**PROBLEM DETAILS**:
What is the count of lines below that include "Variables"? Reply with nothing else.

Stored records:
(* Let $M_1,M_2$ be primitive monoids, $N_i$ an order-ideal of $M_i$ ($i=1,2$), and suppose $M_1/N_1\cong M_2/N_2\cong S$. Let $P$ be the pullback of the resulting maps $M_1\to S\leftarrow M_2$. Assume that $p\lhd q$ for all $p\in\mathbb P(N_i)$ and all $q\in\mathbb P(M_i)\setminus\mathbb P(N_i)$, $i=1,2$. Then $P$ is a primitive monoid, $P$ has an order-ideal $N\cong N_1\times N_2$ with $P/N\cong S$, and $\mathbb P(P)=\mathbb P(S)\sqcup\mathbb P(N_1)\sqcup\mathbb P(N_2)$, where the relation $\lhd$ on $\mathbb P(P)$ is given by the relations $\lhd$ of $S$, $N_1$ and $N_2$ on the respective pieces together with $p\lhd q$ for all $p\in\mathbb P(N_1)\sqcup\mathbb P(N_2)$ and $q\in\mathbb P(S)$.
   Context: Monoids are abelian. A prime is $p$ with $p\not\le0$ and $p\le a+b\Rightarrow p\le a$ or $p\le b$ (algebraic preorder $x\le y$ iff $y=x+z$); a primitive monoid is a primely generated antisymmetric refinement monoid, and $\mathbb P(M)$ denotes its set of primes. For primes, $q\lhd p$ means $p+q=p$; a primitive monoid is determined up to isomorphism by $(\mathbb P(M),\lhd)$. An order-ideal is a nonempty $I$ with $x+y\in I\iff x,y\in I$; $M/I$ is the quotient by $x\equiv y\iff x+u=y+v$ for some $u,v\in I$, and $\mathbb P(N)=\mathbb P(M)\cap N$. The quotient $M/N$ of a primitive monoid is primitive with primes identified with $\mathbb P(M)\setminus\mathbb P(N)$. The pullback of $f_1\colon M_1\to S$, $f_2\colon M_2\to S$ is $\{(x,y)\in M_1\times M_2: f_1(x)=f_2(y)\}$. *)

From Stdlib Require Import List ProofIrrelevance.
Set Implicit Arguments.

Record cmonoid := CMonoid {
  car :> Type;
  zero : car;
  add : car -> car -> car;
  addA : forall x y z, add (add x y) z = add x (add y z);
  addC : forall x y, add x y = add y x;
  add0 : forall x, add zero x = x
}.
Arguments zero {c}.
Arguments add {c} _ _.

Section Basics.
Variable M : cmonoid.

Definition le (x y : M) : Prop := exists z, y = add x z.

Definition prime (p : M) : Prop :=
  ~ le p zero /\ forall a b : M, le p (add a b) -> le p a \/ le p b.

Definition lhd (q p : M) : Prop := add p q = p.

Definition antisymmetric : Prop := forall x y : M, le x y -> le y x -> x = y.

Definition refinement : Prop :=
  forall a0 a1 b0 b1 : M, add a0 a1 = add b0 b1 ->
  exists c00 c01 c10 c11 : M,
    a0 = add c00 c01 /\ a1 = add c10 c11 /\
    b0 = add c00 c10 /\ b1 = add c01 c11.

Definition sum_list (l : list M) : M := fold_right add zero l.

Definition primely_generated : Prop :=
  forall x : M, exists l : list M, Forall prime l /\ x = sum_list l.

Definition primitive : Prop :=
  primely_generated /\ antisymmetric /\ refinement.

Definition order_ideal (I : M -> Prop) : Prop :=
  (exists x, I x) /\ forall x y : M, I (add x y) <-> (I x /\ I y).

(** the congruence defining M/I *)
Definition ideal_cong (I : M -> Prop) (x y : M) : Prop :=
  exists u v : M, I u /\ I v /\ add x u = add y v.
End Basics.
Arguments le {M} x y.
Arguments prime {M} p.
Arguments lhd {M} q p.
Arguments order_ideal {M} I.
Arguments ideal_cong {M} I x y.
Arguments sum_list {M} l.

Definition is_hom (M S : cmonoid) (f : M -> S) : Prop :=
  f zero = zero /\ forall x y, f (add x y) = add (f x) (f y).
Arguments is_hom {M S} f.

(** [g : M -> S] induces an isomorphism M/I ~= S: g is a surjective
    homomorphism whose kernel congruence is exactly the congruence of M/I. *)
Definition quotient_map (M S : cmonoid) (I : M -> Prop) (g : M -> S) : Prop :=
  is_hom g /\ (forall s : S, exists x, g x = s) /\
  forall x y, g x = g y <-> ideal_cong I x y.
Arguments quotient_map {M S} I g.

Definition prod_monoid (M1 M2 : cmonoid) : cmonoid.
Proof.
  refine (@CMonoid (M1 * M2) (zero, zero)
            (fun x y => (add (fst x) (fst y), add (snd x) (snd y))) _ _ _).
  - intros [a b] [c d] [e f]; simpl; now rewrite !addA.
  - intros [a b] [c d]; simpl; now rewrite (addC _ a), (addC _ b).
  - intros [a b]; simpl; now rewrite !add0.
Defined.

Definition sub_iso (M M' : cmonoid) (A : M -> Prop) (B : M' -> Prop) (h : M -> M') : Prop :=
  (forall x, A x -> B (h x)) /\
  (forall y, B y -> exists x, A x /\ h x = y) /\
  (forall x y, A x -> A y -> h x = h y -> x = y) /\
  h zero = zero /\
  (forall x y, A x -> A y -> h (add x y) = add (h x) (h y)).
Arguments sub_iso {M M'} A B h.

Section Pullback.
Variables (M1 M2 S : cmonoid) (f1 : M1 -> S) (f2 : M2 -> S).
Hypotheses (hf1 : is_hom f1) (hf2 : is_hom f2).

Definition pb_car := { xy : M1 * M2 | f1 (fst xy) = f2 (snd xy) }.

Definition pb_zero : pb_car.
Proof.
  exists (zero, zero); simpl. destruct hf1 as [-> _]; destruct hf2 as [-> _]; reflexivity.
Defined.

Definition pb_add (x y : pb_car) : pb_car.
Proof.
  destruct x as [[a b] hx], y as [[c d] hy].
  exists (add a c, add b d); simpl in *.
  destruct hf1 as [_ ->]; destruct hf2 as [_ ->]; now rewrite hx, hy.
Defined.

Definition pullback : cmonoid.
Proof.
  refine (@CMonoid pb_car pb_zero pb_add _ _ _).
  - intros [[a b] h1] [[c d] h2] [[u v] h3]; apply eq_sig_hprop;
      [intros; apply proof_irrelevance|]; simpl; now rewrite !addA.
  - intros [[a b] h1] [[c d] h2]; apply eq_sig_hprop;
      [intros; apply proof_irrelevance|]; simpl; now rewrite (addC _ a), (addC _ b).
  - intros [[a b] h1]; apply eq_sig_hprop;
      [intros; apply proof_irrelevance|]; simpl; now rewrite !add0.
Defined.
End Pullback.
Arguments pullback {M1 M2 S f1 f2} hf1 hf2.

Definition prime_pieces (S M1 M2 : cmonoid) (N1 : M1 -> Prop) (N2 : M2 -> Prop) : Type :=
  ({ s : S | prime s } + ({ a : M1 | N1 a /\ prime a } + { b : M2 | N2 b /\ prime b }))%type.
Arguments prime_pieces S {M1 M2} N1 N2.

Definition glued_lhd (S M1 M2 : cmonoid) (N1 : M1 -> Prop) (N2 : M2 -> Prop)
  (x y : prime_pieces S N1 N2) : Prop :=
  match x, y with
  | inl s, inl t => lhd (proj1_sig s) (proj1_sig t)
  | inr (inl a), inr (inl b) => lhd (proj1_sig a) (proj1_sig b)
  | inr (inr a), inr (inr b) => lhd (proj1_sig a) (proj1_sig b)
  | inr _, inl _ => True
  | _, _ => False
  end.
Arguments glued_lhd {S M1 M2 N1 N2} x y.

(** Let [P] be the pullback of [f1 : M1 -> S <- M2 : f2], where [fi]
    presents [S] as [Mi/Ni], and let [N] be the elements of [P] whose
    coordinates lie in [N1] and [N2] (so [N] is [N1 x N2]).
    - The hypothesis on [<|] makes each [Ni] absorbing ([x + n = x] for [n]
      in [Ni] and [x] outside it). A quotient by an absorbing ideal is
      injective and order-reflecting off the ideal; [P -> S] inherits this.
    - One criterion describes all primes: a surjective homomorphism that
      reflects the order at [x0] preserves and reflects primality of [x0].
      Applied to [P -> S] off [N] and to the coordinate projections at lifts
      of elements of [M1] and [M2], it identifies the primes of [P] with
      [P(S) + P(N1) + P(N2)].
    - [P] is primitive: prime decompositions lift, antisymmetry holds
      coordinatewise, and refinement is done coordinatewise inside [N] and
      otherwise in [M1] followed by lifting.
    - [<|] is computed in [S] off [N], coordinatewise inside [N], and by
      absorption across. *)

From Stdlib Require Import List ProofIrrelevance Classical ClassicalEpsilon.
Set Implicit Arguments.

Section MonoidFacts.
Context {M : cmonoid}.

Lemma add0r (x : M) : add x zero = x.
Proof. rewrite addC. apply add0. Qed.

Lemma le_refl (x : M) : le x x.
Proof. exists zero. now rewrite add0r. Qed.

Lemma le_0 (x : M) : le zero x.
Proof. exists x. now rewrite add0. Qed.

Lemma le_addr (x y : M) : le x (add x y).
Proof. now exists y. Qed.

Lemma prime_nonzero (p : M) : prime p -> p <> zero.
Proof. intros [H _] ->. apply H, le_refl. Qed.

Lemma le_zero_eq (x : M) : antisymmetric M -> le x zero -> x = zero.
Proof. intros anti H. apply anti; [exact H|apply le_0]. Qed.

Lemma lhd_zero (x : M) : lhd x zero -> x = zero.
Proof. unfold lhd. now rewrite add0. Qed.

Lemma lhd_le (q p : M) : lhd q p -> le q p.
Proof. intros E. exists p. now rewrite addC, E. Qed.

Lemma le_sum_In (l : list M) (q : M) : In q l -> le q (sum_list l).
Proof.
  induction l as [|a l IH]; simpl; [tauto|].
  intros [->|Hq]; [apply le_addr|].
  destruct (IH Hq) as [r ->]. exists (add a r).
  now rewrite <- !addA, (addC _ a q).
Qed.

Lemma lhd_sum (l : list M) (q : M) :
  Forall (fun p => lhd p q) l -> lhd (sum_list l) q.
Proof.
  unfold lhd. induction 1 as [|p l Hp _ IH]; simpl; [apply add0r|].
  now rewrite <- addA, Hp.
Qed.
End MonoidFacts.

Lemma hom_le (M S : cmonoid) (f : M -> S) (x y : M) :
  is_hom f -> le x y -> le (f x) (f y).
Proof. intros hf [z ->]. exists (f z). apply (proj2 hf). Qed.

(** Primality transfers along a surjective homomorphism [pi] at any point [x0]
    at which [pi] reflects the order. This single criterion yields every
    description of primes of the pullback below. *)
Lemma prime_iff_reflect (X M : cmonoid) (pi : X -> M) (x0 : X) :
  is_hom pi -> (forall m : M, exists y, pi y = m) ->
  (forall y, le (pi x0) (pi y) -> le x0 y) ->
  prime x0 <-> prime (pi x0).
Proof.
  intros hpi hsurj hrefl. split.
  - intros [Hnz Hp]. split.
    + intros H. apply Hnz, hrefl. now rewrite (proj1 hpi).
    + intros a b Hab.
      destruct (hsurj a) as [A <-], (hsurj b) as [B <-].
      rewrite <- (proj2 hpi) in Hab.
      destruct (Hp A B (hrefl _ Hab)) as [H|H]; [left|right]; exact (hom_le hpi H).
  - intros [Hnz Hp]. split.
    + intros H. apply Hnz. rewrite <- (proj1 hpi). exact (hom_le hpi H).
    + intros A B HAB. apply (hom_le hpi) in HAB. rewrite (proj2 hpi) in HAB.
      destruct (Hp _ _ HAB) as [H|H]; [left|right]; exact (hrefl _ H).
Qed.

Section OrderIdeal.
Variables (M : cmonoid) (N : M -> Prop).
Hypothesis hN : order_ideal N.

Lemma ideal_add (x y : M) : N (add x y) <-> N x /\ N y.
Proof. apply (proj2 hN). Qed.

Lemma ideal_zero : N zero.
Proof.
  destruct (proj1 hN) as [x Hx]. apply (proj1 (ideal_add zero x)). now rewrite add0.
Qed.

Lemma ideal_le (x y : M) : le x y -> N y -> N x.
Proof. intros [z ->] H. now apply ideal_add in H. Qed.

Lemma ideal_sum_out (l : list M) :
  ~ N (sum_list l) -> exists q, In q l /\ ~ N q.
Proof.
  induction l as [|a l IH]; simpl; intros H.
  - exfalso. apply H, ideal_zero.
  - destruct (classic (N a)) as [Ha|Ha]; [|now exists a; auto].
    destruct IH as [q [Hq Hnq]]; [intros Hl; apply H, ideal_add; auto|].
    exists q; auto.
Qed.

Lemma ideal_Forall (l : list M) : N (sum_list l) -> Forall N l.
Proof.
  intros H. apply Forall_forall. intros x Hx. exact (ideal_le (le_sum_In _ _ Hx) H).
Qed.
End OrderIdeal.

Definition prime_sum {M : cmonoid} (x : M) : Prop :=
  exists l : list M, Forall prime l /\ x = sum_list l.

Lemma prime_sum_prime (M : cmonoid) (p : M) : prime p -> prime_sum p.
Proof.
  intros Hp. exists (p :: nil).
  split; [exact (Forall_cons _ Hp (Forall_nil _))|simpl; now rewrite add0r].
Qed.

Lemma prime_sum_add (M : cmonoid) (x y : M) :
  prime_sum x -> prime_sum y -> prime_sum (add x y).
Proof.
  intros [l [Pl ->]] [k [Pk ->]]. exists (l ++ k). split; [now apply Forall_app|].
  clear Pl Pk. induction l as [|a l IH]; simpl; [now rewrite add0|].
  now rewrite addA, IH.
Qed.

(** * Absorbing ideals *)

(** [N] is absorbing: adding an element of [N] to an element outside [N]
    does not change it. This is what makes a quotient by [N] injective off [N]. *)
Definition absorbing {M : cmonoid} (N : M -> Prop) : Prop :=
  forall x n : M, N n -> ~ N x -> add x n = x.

* * *

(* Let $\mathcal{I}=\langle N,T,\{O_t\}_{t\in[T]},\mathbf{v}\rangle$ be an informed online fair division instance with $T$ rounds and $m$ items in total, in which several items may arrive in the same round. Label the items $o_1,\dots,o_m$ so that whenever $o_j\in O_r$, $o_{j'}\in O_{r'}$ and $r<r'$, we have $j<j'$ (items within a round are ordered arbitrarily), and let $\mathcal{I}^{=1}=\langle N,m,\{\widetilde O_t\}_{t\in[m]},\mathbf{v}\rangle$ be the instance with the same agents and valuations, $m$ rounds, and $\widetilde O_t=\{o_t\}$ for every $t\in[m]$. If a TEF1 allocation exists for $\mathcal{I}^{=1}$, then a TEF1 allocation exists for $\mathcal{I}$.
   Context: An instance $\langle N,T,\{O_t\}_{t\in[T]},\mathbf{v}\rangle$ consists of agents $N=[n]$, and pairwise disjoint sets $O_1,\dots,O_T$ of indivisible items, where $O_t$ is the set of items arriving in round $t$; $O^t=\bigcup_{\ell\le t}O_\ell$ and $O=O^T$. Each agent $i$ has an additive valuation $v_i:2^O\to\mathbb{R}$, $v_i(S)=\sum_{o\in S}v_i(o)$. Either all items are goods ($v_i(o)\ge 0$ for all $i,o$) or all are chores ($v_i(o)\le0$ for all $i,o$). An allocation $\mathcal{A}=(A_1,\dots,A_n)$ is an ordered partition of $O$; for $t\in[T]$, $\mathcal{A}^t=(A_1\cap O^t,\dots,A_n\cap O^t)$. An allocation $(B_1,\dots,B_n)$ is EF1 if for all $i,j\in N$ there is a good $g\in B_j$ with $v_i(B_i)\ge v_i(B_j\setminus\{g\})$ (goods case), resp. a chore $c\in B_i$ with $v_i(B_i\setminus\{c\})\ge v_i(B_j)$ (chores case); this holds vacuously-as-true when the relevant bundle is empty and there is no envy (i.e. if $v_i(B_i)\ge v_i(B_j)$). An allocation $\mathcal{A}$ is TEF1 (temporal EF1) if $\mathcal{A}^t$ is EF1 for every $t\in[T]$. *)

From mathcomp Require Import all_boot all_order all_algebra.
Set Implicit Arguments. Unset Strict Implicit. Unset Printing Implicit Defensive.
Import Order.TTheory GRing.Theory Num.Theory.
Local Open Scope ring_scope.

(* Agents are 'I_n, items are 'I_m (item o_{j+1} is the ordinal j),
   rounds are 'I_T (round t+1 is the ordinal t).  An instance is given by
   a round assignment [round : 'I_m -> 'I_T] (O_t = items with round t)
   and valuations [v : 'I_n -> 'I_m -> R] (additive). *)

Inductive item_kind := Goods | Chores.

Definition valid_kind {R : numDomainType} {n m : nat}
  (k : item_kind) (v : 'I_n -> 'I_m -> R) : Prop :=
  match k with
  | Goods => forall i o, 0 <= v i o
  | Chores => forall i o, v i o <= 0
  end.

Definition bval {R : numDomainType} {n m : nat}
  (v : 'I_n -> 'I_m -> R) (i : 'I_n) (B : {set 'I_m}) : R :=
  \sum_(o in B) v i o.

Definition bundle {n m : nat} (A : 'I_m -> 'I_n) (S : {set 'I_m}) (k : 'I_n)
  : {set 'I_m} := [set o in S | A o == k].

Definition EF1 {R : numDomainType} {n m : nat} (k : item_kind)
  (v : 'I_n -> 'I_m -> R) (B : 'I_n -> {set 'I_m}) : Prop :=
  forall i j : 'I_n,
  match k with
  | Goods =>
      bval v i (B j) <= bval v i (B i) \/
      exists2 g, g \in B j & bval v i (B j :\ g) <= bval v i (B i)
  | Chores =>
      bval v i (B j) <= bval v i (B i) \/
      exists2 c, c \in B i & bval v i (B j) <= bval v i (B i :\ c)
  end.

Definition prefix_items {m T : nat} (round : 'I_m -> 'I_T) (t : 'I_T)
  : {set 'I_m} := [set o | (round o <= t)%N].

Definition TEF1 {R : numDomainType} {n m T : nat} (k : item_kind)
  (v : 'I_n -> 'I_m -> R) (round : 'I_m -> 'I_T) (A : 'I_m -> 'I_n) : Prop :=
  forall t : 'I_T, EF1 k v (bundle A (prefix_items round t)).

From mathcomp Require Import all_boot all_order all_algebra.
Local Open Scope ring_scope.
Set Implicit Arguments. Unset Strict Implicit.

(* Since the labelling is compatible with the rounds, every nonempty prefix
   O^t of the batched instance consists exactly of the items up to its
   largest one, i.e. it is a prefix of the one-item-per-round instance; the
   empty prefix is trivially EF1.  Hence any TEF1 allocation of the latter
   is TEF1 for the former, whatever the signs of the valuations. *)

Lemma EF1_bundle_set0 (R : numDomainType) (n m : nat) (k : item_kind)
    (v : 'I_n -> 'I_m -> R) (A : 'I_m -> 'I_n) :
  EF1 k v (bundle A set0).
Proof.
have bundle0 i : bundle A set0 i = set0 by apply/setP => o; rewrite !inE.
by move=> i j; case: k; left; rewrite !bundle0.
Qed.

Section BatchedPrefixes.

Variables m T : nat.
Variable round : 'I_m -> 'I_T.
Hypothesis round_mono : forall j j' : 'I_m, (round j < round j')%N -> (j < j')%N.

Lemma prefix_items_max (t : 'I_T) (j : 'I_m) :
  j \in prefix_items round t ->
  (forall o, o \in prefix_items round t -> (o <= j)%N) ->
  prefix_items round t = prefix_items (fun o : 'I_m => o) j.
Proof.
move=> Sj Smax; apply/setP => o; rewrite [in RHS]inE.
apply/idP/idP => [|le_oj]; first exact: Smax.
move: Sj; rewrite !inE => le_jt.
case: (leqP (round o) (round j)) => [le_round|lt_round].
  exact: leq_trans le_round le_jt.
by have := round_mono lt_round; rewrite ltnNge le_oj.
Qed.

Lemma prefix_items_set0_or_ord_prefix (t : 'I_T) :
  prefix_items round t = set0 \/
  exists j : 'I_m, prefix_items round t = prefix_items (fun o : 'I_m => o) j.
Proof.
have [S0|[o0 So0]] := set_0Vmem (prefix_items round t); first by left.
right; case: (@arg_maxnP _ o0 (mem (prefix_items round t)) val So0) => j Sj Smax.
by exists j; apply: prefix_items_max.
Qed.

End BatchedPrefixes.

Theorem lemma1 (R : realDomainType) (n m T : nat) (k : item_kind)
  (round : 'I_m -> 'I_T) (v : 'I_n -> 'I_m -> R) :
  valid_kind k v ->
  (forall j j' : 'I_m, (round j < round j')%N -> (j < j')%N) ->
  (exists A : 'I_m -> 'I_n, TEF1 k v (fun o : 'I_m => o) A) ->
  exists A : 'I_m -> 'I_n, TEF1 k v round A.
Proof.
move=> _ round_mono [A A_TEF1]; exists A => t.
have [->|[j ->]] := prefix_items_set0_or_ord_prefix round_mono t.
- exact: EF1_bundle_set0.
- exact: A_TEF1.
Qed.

**FINISHED EXERCISE**:
3